As for rules, I am not willing to set down rules. Boundaries I can live with, but rules I cannot. For me, it is if you do not have equal input and agreement about wording, it is a rule. Teachers lay out rules for classroom behaviors. Some teachers create rules together with their students and ask for input and write out what the students say in their own words. Other teachers ask for input, then say, "OK. Why don't we make the rule "Be respectful." This later approach I find is not truly in the spirit of collaboration. I think of boundaries as negotiable limits, things that can be disputed or redrawn. It seems to allow for more flexibility and communication possibilities.
And nycindie, you are absolutely right about my decisions and his inclusion in that. Of course, I would not agree that he is a dictator or bosses me around. As for the criteria that was a discussion I started about what would be "deal breakers" for him, if I wanted to have another person in my life and living with us. I asked because of my ex's hostility towards others. And I asked because he seems to have an exact idea of what this additional person should be like. He has these romantic notions of finding the right person for me based on his conceptions. Without further clarification, I can only guess at what these things are. So, I question these things, such as his idea of "humble." (I picture Wilbur the pig from Charlotte's Web.) So I ask - What does that word mean to you because to me it sounds like you don't want competition, is that correct? It happened to not be accurate on my part, but it did lead into further discussion about his ideal partner. His idea of humble is the opposite of arrogant + a healthy dose of respect. I frequently say, "When you say ___, do you mean ___?" I ask clarifying questions about lots of things, "When you say you are going to take out the trash, what is your timeframe on that?" or "Is it mort important to do this or to finish that?" I guess this is just another area that I am asking about.

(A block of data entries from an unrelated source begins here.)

Section ModifiedDividedPower.
Variables (B : finType) (kind : B -> ckind) (rk : B -> nat) (d : nat) (R : comNzRingType).
Implicit Types (b u : Seqs B d).

Lemma yb_class_vec b u :
  yb kind rk b u = class_vec (@content B d) R (@cfact _ kind d) (@odd_inv _ kind rk d) b u.
Proof.
rewrite !ffunE /class_vec -seq_simE; case: ifP => [sim_bu|not_sim]; last first.
  rewrite big1 ?mulr0 // => b' sim_b'; case: eqP => [eq_u|]; last by rewrite mulr0.
  by rewrite eq_u sim_b' in not_sim.
rewrite (bigD1 u) //= eqxx mulr1 big1 ?addr0 => [|b' /andP[_ ne_b']]; last first.
  by rewrite eq_sym (negbTE ne_b') mulr0.
by move: sim_bu; rewrite seq_simE => /eqP/(cfact_content kind) ->.
Qed.

Lemma in_mGammaP (f : tens R B d) : in_mGamma kind rk f <->
  [/\ forall u, ~~ seqok kind u -> f u = 0,
      forall u v, content u = content v ->
        f u * (-1) ^+ odd_inv kind rk u = f v * (-1) ^+ odd_inv kind rk v
    & exists g : Seqs B d -> R, forall u, f u = (cfact kind u)%:R * g u].
Proof.
have spanP := class_spanP (cls := @content B d) (@odd_inv _ kind rk d)
  (@seqok_content B d kind) (@cfact_content B d kind) f.
split=> [[c def_f]|/spanP[c span_f]].
  apply/spanP; exists c => u.
  by rewrite def_f ffunE; apply: eq_bigr => b _; rewrite yb_class_vec.
by exists c; apply/ffunP => u; rewrite ffunE span_f; apply: eq_bigr => b _; rewrite yb_class_vec.
Qed.

End ModifiedDividedPower.

Section TensorProduct.
Variables (BV BW : finType) (kV : BV -> ckind) (kW : BW -> ckind).
Variables (rV : BV -> nat) (rW : BW -> nat) (d1 d2 : nat) (R : comNzRingType).
Local Notation X := (Seqs BV d1 * Seqs BW d2)%type.
Local Notation pair_content := (fun p : X => (content p.1, content p.2)).
Local Notation pair_cfact := (fun p : X => (cfact kV p.1 * cfact kW p.2)%N).
Local Notation pair_odd_inv := (fun p : X => (odd_inv kV rV p.1 + odd_inv kW rW p.2)%N).

Lemma yb_pair_class_vec (b : X) (p : X) :
  yb kV rV b.1 p.1 * yb kW rW b.2 p.2 = class_vec pair_content R pair_cfact pair_odd_inv b p.
Proof.
rewrite !yb_class_vec /class_vec /= xpair_eqE.
case: (content b.1 == _); case: (content b.2 == _); rewrite ?mul0r ?mulr0 //=.
rewrite natrM !exprD; ring.
Qed.

Lemma in_mGamma2P (T : tens2 R BV BW d1 d2) : in_mGamma2 kV kW rV rW T <->
  [/\ forall q, ~~ (seqok kV q.1 && seqok kW q.2) -> T q = 0,
      forall q q', content q.1 = content q'.1 -> content q.2 = content q'.2 ->
        T q * (-1) ^+ pair_odd_inv q = T q' * (-1) ^+ pair_odd_inv q'
    & exists g : X -> R, forall q, T q = (pair_cfact q)%:R * g q].
Proof.
have ok_cls p p' : pair_content p = pair_content p' ->
    (seqok kV p.1 && seqok kW p.2) = (seqok kV p'.1 && seqok kW p'.2).
  by case=> /(seqok_content kV) -> /(seqok_content kW) ->.
have m_cls p p' : pair_content p = pair_content p' -> pair_cfact p = pair_cfact p'.
  by case=> /(cfact_content kV) -> /(cfact_content kW) ->.
have spanP := class_spanP pair_odd_inv ok_cls m_cls T.
have span_iff : in_mGamma2 kV kW rV rW T <-> class_span pair_content
    (fun p : X => seqok kV p.1 && seqok kW p.2) pair_cfact pair_odd_inv T.
  split=> [[c def_T]|[c span_T]].
    exists (fun b => c b.1 b.2) => q; rewrite def_T ffunE pair_big /=.
    by apply: eq_bigr => b _; rewrite yb_pair_class_vec.
  exists (fun b b' => c (b, b')); apply/ffunP => q; rewrite ffunE span_T pair_big /=.
  by apply: eq_bigr => -[b b'] _; rewrite yb_pair_class_vec.
split=> [/span_iff/spanP[supp_T sign_T div_T]|[supp_T sign_T div_T]].
  by split=> // q q' eq1 eq2; apply: sign_T; rewrite /= eq1 eq2.
by apply/span_iff/spanP; split=> // q q' [eq1 eq2]; apply: sign_T.
Qed.

End TensorProduct.

Section Shuffles.
Variable d : nat.
Implicit Types (s t h : 'S_d) (S : {set 'I_d}) (c : nat).

Definition inversions (f : 'I_d -> 'I_d) : {set 'I_d * 'I_d} :=
  [set p : 'I_d * 'I_d | (p.1 < p.2)%N && (f p.2 < f p.1)%N].

(* i.e. s^-1 is a (c, d - c)-shuffle *)
Definition block_monotone c s : Prop :=
  forall k l : 'I_d, (k < l)%N -> (s k < c)%N = (s l < c)%N -> (s k < s l)%N.

(* The position of k when S is listed before its complement, both increasingly. *)
Definition sep_index S (k : 'I_d) : nat :=
  if k \in S then #|[set j in S | (j < k)%N]|
  else (#|S| + #|[set j in ~: S | (j < k)%N]|)%N.

Lemma sep_index_ltE S k : (sep_index S k < #|S|)%N = (k \in S).
Proof.
rewrite /sep_index; case: ifP => Sk; last by rewrite ltnNge leq_addr.
apply: proper_card; apply/properP; split; first by apply/subsetP => j /setIdP[].
by exists k; rewrite // inE ltnn andbF.
Qed.

Lemma sep_index_lt S k : (sep_index S k < d)%N.
Proof.
case: (boolP (k \in S)) => Sk.
  by rewrite -[d]card_ord (leq_trans _ (max_card S)) // sep_index_ltE.
rewrite /sep_index (negbTE Sk) -[X in (_ < X)%N](card_ord d) -(cardsC S) ltn_add2l.
apply: proper_card; apply/properP; split; first by apply/subsetP => j /setIdP[].
by exists k; rewrite ?inE ?ltnn ?andbF.
Qed.

Lemma sep_index_mono S (k l : 'I_d) :
  (k < l)%N -> (k \in S) = (l \in S) -> (sep_index S k < sep_index S l)%N.
Proof.
move=> kl Skl; rewrite /sep_index -Skl; case: ifP => Sk; rewrite ?ltn_add2l;
  apply: proper_card; apply/properP; split;
  by [apply/subsetP => j; rewrite !inE => /andP[-> /ltn_trans]; apply
     | exists k; rewrite !inE ?ltnn ?andbF ?Sk ?kl].
Qed.

Definition sep_ord S k : 'I_d := Ordinal (sep_index_lt S k).

Lemma sep_ord_inj S : injective (sep_ord S).
Proof.
move=> k l /(congr1 val) /= eq_kl; apply: val_inj => /=.
have Skl : (k \in S) = (l \in S) by rewrite -!sep_index_ltE eq_kl.
case: (ltngtP k l) => // [kl|lk].
  by have := sep_index_mono kl Skl; rewrite eq_kl ltnn.
by have := sep_index_mono lk (esym Skl); rewrite eq_kl ltnn.
Qed.

Definition sep_perm S : 'S_d := perm (@sep_ord_inj S).

Lemma sep_permE S k : sep_perm S k = sep_index S k :> nat.
Proof. by rewrite permE. Qed.

Lemma sep_perm_ltE S k : (sep_perm S k < #|S|)%N = (k \in S).
Proof. by rewrite sep_permE sep_index_ltE. Qed.

Lemma sep_perm_monotone S : block_monotone #|S| (sep_perm S).
Proof. by move=> k l kl; rewrite !sep_perm_ltE !sep_permE; apply: sep_index_mono. Qed.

So I tentatively continue to explore the idea of another person in our relationship. I ask too many questions and have way too many discussions. I am not really in a hurry to expand this relationship, but if someone were to come along, I would like to have some of the opening questions out of the way.
His response to what boundaries he would want is he would not want to be excluded from the conversations or activities, but he did say he doesn't need to be involved in everything. Followed by, he would not want to lose our connection together. My response was that will happen, if we stop talking about stuff or begin/continue to make assumptions. Thank you for assisting me in exploring this with you.